The calibration methods of accelerometer can be categorized into gravity field calibration, high-g calibration, and dynamic calibration [5]. Since the gravity field test is carried out on the earth surface, the related physical quantities such as local gravitational acceleration, earth rate, and geomagnetic field can be accurately measured, which can be used as a high-precision reference to calibrate the bias and scale factor of accelerometer. Although the high-g calibration and dynamic calibration can calibrate the nonlinear coefficients and testing the dynamic performance of accelerometer by utilizing centrifuge and vibration table [6, 7]. The test cost is much higher and the calibration accuracy of linear coefficients is lower than that of gravity field calibration.
Generally, high-precision accelerometers are mainly tested by the high-precision indexing head, multi-axis position turntable, tilting table, and other positioning equipment in gravity field [8–11]. The multiposition methods are widely used to calibrate the linear coefficients of accelerometers based on the least squares, Kalman filter, differential evolution (DE), and neural networks algorithms [8, 12–15]. Two-position tests are adopted to calibrate two-axial and triaxial accelerometers without precision turntable [15, 16]. After calibration and compensation with installed direction errors in the error model of accelerometers, the measurement accuracy is less than 1 mg at ± 1 g positions [17]. Xu et al. [18] proposed three-position method for calibrating the scale factor of accelerometer without considering the misalignments and the relative error is less than 0.07%. In order to improve the calibration accuracy, Xu et al. [19] and Pan et al. [20] proposed 6-position methods for triaxial accelerometer calibration on the low-cost three-axis turntable. However, 2-position and 6-position calibration methods without high-precision testing equipment cannot meet the accuracy requirement of high-precision accelerometers such as pendulous integrating gyro accelerometer (PIGA). Thus, the more test positions such as 12-position and 18-position methods are adopted to improve the magnitude of calibration accuracy to less than 10−5 [21, 22]. By using the genetic algorithm, Marinov et al. [23] proposed 24-position static calibration method to ensure the standard deviations of error coefficients are 10−5 g. The magnitude of standard deviations of error coefficients can be less than 10−6 by using a 20-position calibration method on two-axis table based on D-optimal experimental design [24]. In order to restrain the influence of angular position errors on the calibration test, a 24-position combinational measurement method is designed and the practical measurement results show that the magnitude of standard deviations is 10−6 [25].

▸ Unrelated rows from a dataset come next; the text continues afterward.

(* Let $n,m\in\mathbb{N}$ be coprime and $\beta\in\mathbb{C}$. Then for every $u\in S(n,\beta)$, $\hat H_{n,m}u=u|_0\sum_{A\in X_m^\star}A$.
   Context: $\Gamma_0(n)=\{\begin{pmatrix}a&b\\c&d\end{pmatrix}\in SL(2,\mathbb{Z}):n\mid c\}$; $S(n,\beta)$ is the space of Maass cusp forms for $\Gamma_0(n)$ with spectral parameter $\beta$. $(f|_0h)(z)=f(hz)$, extended linearly. $B_m=\begin{pmatrix}m&0\\0&1\end{pmatrix}$. $\{R_j^{nm,n}\}_{j\in I_{nm,n}}$ is a system of representatives of the right cosets $\Gamma_0(nm)\backslash\Gamma_0(n)$ and $\hat H_{n,m}u=(u|_0B_m)|_0\sum_jR_j^{nm,n}$. $X_m^\star=\{\begin{pmatrix}c&b\\0&m/c\end{pmatrix}:c\ge1,\ c\mid m,\ 0\le b\le m/c-1,\ \gcd(c,b,m/c)=1\}$. *)

From HB Require Import structures.
From mathcomp Require Import all_boot all_order all_algebra.
From mathcomp Require Import all_classical all_reals all_analysis.
From mathcomp Require Import complex.
Set Implicit Arguments. Unset Strict Implicit. Unset Printing Implicit Defensive.
Import Order.TTheory GRing.Theory Num.Theory.
Import numFieldNormedType.Exports.
Local Open Scope classical_set_scope.
Local Open Scope ring_scope.

Definition mx2 (a b c d : int) : 'M[int]_2 :=
  \matrix_(i < 2, j < 2)
    if i == 0 then (if j == 0 then a else b) else (if j == 0 then c else d).

Definition SL2Z (A : 'M[int]_2) : bool := \det A == 1.

Definition Gamma0 (n : nat) (A : 'M[int]_2) : bool :=
  let c := A 1 0 in SL2Z A && (n%:Z %| c)%Z.

Definition Bm (m : nat) : 'M[int]_2 := mx2 m%:Z 0 0 1.

Section Action.
Variable R : realType.

Definition mobius (A : 'M[int]_2) (z : R[i]) : R[i] :=
  ((A 0 0)%:~R * z + (A 0 1)%:~R) / ((A 1 0)%:~R * z + (A 1 1)%:~R).

Definition slash0 (f : R[i] -> R[i]) (A : 'M[int]_2) : R[i] -> R[i] :=
  fun z => f (mobius A z).

(* linear extension to formal sums  sum_{A <- s} A  (s a finite list) *)
Definition slash0_sum (f : R[i] -> R[i]) (s : seq 'M[int]_2) : R[i] -> R[i] :=
  fun z => \sum_(A <- s) slash0 f A z.

Local Open Scope complex_scope.

Definition reP (u : R[i] -> R[i]) (x y : R) : R := complex.Re (u (x +i* y)).
Definition imP (u : R[i] -> R[i]) (x y : R) : R := complex.Im (u (x +i* y)).

Definition dx (f : R -> R -> R) (x y : R) : R := derive1 (fun t => f t y) x.
Definition dy (f : R -> R -> R) (x y : R) : R := derive1 (fun t => f x t) y.

Definition upper (p : R * R) : Prop := 0 < p.2.

Definition C2_upper (f : R -> R -> R) : Prop :=
  (forall x y, 0 < y ->
     derivable (fun t => f t y) x 1 /\ derivable (fun t => f x t) y 1 /\
     derivable (fun t => dx f t y) x 1 /\ derivable (fun t => dx f x t) y 1 /\
     derivable (fun t => dy f t y) x 1 /\ derivable (fun t => dy f x t) y 1)
  /\ {within upper, continuous (fun p : R * R => dx (dx f) p.1 p.2)}
  /\ {within upper, continuous (fun p : R * R => dy (dx f) p.1 p.2)}
  /\ {within upper, continuous (fun p : R * R => dx (dy f) p.1 p.2)}
  /\ {within upper, continuous (fun p : R * R => dy (dy f) p.1 p.2)}.

Definition hlap (f : R -> R -> R) (x y : R) : R :=
  - (y ^+ 2) * (dx (dx f) x y + dy (dy f) x y).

Although the aforementioned multiposition methods can accurately calibrate accelerometers, the error sources including equipment error, installation error, and alignment error during the test are few comprehensively considered and deeply analyzed. Meanwhile, the uncertainty and efficiency of different calibration coefficients, at different positions and for different calibration schemes also should be analyzed to further improve the accuracy and test cost. Moreover, the angular velocity should be considered in the error calibration model because the angular velocity about the input axis of PIGA has a great influence on the output accuracy of PIGA.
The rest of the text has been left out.